FIG. 2E is a cut-away, perspective view of foam dam 200, illustrating a portion of the rear of the exemplary foam dam that will face the outer surface of the water heater tank 100 upon assembly. FIG. 2E shows central region 202 of foam dam 200 which includes heating element cover 212 and locating guides 210 coupled to central region 202 to assist coupling the foam dam to the water heater. Again, perimeter region 204 includes first surface 214, second surface 216 and third surface 218, as described above.

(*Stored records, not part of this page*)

Lemma pushout_jointly_epi {a b c q : C} (f : Hm a b) (g : Hm a c) q1 q2 :
  @IsPushout C a b c q f g q1 q2 ->
  forall w (x y : Hm q w), q1 >> x =~ q1 >> y -> q2 >> x =~ q2 >> y -> x =~ y.
Proof.
  intros [Hc Hu] w x y H1 H2.
  destruct (Hu w (q1 >> x) (q2 >> x)) as [t [_ Tu]].
  - rewrite <- !cmp_assoc, Hc; reflexivity.
  - rewrite (Tu x) by reflexivity; symmetry; apply Tu; symmetry; auto.
Qed.

Lemma pushout_proper {a b c q : C} (f f' : Hm a b) (g g' : Hm a c) q1 q1' q2 q2' :
  f =~ f' -> g =~ g' -> q1 =~ q1' -> q2 =~ q2' ->
  @IsPushout C a b c q f g q1 q2 -> IsPushout f' g' q1' q2'.
Proof.
  intros Ef Eg E1 E2 [Hc Hu]; split.
  - rewrite <- Ef, <- Eg, <- E1, <- E2; exact Hc.
  - intros w u v H; destruct (Hu w u v) as [t [[T1 T2] Tu]].
    + rewrite Ef, Eg; exact H.
    + exists t; split; [rewrite <- E1, <- E2; auto|].
      intros t' H1 H2; apply Tu; [rewrite E1 | rewrite E2]; auto.
Qed.

Lemma pushout_sym {a b c q : C} (f : Hm a b) (g : Hm a c) q1 q2 :
  @IsPushout C a b c q f g q1 q2 -> IsPushout g f q2 q1.
Proof.
  intros [Hc Hu]; split; [symmetry; exact Hc|].
  intros w u v H; destruct (Hu w v u) as [t [[T1 T2] Tu]]; [symmetry; exact H|].
  exists t; split; [auto|]; intros t' H1 H2; apply Tu; auto.
Qed.

Lemma pushout_unique {a b c q r : C} (f : Hm a b) (g : Hm a c) q1 q2 (r1 : Hm b r) r2 :
  @IsPushout C a b c q f g q1 q2 -> IsPushout f g r1 r2 ->
  exists i : Hm q r, IsIso i /\ q1 >> i =~ r1 /\ q2 >> i =~ r2.
Proof.
  intros Pq Pr; pose proof Pq as [Hq Uq]; pose proof Pr as [Hr Ur].
  destruct (Uq r r1 r2 Hr) as [i [[I1 I2] _]].
  destruct (Ur q q1 q2 Hq) as [j [[J1 J2] _]].
  exists i; split; [exists j; split|auto].
  - apply (pushout_jointly_epi _ _ _ _ Pq); rewrite <- cmp_assoc, cmp_id_r.
    + rewrite I1; exact J1.
    + rewrite I2; exact J2.
  - apply (pushout_jointly_epi _ _ _ _ Pr); rewrite <- cmp_assoc, cmp_id_r.
    + rewrite J1; exact I1.
    + rewrite J2; exact I2.
Qed.

Lemma pushout_id_l {a c : C} (g : Hm a c) : IsPushout (Cid a) g g (Cid c).
Proof.
  split; [rewrite cmp_id_l, cmp_id_r; reflexivity|].
  intros w u v H; rewrite cmp_id_l in H; exists v; split; [split|].
  - symmetry; exact H.
  - apply cmp_id_l.
  - intros t' _ H2; rewrite cmp_id_l in H2; exact H2.
Qed.

Lemma pushout_of_iso {a b c q : C} (f : Hm a b) (g : Hm a c) q1 q2 :
  @IsPushout C a b c q f g q1 q2 -> IsIso g -> IsIso q1.
Proof.
  intros P [g' [G1 G2]]; pose proof P as [Hc Hu].
  destruct (Hu b (Cid b) (g' >> f)) as [t [[T1 T2] _]].
  { rewrite <- cmp_assoc, G1, cmp_id_l, cmp_id_r; reflexivity. }
  exists t; split; [exact T1|].
  apply (pushout_jointly_epi _ _ _ _ P).
  - rewrite <- cmp_assoc, T1, cmp_id_l, cmp_id_r; reflexivity.
  - rewrite <- cmp_assoc, T2, cmp_assoc, Hc, <- cmp_assoc, G2, cmp_id_l, cmp_id_r.
    reflexivity.
Qed.

Lemma pushout_paste {a b c d q r : C} (f : Hm a b) (g : Hm a c) (q1 : Hm b q) (q2 : Hm c q)
  (h : Hm b d) (r1 : Hm q r) (r2 : Hm d r) :
  IsPushout f g q1 q2 -> IsPushout q1 h r1 r2 -> IsPushout (f >> h) g r2 (q2 >> r1).
Proof.
  intros [Hq Uq] [Hr Ur]; split.
  - rewrite cmp_assoc, <- Hr, <- !cmp_assoc, Hq; reflexivity.
  - intros w u v H.
    destruct (Uq w (h >> u) v) as [t1 [[T1 T2] Tu1]]; [rewrite <- cmp_assoc; exact H|].
    destruct (Ur w t1 u) as [t2 [[S1 S2] Su]]; [exact T1|].
    exists t2; split; [split; [exact S2 | rewrite cmp_assoc, S1; exact T2]|].
    intros t' H1 H2; apply Su; [apply Tu1|exact H1].
    + rewrite <- cmp_assoc, Hr, cmp_assoc, H1; reflexivity.
    + rewrite <- cmp_assoc; exact H2.
Qed.

Lemma pushout_cancel {a b c d q r : C} (f : Hm a b) (g : Hm a c) (q1 : Hm b q) (q2 : Hm c q)
  (h : Hm b d) (r1 : Hm d r) (r2 : Hm c r) (n : Hm q r) :
  IsPushout f g q1 q2 -> IsPushout (f >> h) g r1 r2 ->
  q1 >> n =~ h >> r1 -> q2 >> n =~ r2 -> IsPushout q1 h n r1.
Proof.
  intros Pq [Hr Ur] N1 N2; pose proof Pq as [Hq _]; split; [exact N1|].
  intros w x y H.
  destruct (Ur w y (q2 >> x)) as [t [[T1 T2] Tu]].
  { rewrite cmp_assoc, <- H, <- !cmp_assoc, Hq; reflexivity. }
  exists t; split; [split; [|exact T1]|].
  - apply (pushout_jointly_epi _ _ _ _ Pq).
    + rewrite <- cmp_assoc, N1, cmp_assoc, T1, H; reflexivity.
    + rewrite <- cmp_assoc, N2, T2; reflexivity.
  - intros t' H1 H2; apply Tu; [exact H2|].
    rewrite <- N2, cmp_assoc, H1; reflexivity.
Qed.

Lemma pushout_map {a b c q r : C} (f : Hm a b) (g : Hm a c) (q1 : Hm b q) (q2 : Hm c q)
  (u : Hm b r) (v : Hm c r) :
  IsPushout f g q1 q2 -> f >> u =~ g >> v -> exists t, q1 >> t =~ u /\ q2 >> t =~ v.
Proof. intros [_ Uq] H; destruct (Uq r u v H) as [t [T _]]; exists t; exact T. Qed.

Lemma pushout_precomp_iso {a a' b c q : C} (i : Hm a' a) (f : Hm a b) (g : Hm a c) q1 q2 :
  IsIso i -> @IsPushout C a b c q f g q1 q2 -> IsPushout (i >> f) (i >> g) q1 q2.
Proof.
  intros [j [_ J2]] [Hc Hu]; split; [rewrite !cmp_assoc, Hc; reflexivity|].
  intros w u v H; apply Hu.
  rewrite <- (cmp_id_l f), <- (cmp_id_l g), <- J2, !cmp_assoc, <- (cmp_assoc i f u),
    <- (cmp_assoc i g v), H.
  reflexivity.
Qed.

End Pushouts.

(** * Cospans and corelations *)

Definition fwd_cospan {C : Cat} {x y : C} (f : Hm x y) : cospan C x y :=
  {| csp_apex := y; csp_l := f; csp_r := Cid y |}.

Definition bwd_cospan {C : Cat} {x y : C} (g : Hm y x) : cospan C x y :=
  {| csp_apex := x; csp_l := Cid x; csp_r := g |}.

Section Cospans.
Context {C : Cat} {hC : IsCategory C} (po : HasPushouts C).

#[global] Instance cospan_iso_Equivalence (x y : C) : Equivalence (@cospan_iso C x y).
Proof.
  split.
  - intro s; exists (Cid _); split; [apply iso_id | split; apply cmp_id_r].
  - intros s t [i [Hi [H1 H2]]]; destruct (iso_inverse i Hi) as [j [Hj [J1 _]]].
    exists j; split; [exact Hj|].
    split; [rewrite <- H1 | rewrite <- H2]; rewrite cmp_assoc, J1; apply cmp_id_r.
  - intros s t u [i [Hi [H1 H2]]] [j [Hj [J1 J2]]]; exists (i >> j).
    split; [apply iso_comp; auto|].
    split; rewrite <- cmp_assoc; [rewrite H1 | rewrite H2]; auto.
Qed.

FIG. 3 is a cross sectional side view of an exemplary foam dam, generally designated by the numeral “300”, coupled to an inner surface 316 of a jacket and an outer surface 310 of a tank according to one embodiment of the invention. As shown in FIG. 3, a central region 302 of foam dam 300 includes locating guides 306 coupled to a central region 302 of the foam dam 300 to assist coupling the foam dam 300 to the water heater or a component thereof. As described above, it may be desirable to use locating guides to couple the foam dam to a thermostat or another component which may be coupled to the water heater. FIG. 3 shows locating guides 306 coupled to a thermostat 308. Thermostat 308 is coupled to water heater tank outer surface 310. As described above, an exemplary foam dam may not be coupled to a thermostat or another component. It is contemplated that a foam dam may be coupled directly to an outer surface of the water heater tank.

Central region 302 of foam dam 300 also includes heating element cover 304. Heating element cover 304 is configured to cover heating element 312 coupled to water heater tank outer surface 310. As described above, it may be desirable for a heating element cover to be integral to the foam dam to reduce costs during the manufacturing and/or assembly process. It is also contemplated however, that a heating element cover may be coupled to the foam dam during the manufacturing process or that a heating element cover may not be used. The precise location of heating element 312, heating element cover 304, thermostat 308 and locating guides 306 shown in FIG. 3 is merely illustrative and is not limiting.

Foam dam 300 includes perimeter region first surface 314 positioned adjacent water heater jacket inner surface 316, perimeter region second surface 318 positioned adjacent water heater tank outer surface 310, and perimeter region third surface 320 extending from perimeter region first surface 314 to perimeter region second surface 318. Perimeter region third surface 320 is configured to substantially prevent foam insulation (depicted by the numeral “322”) from flowing into an area proximate to thermostat 308 and heating element 312. It is contemplated that an exemplary foam dam may substantially or completely prevent foam insulation from flowing into an area proximate to other components that may be coupled to the water heater.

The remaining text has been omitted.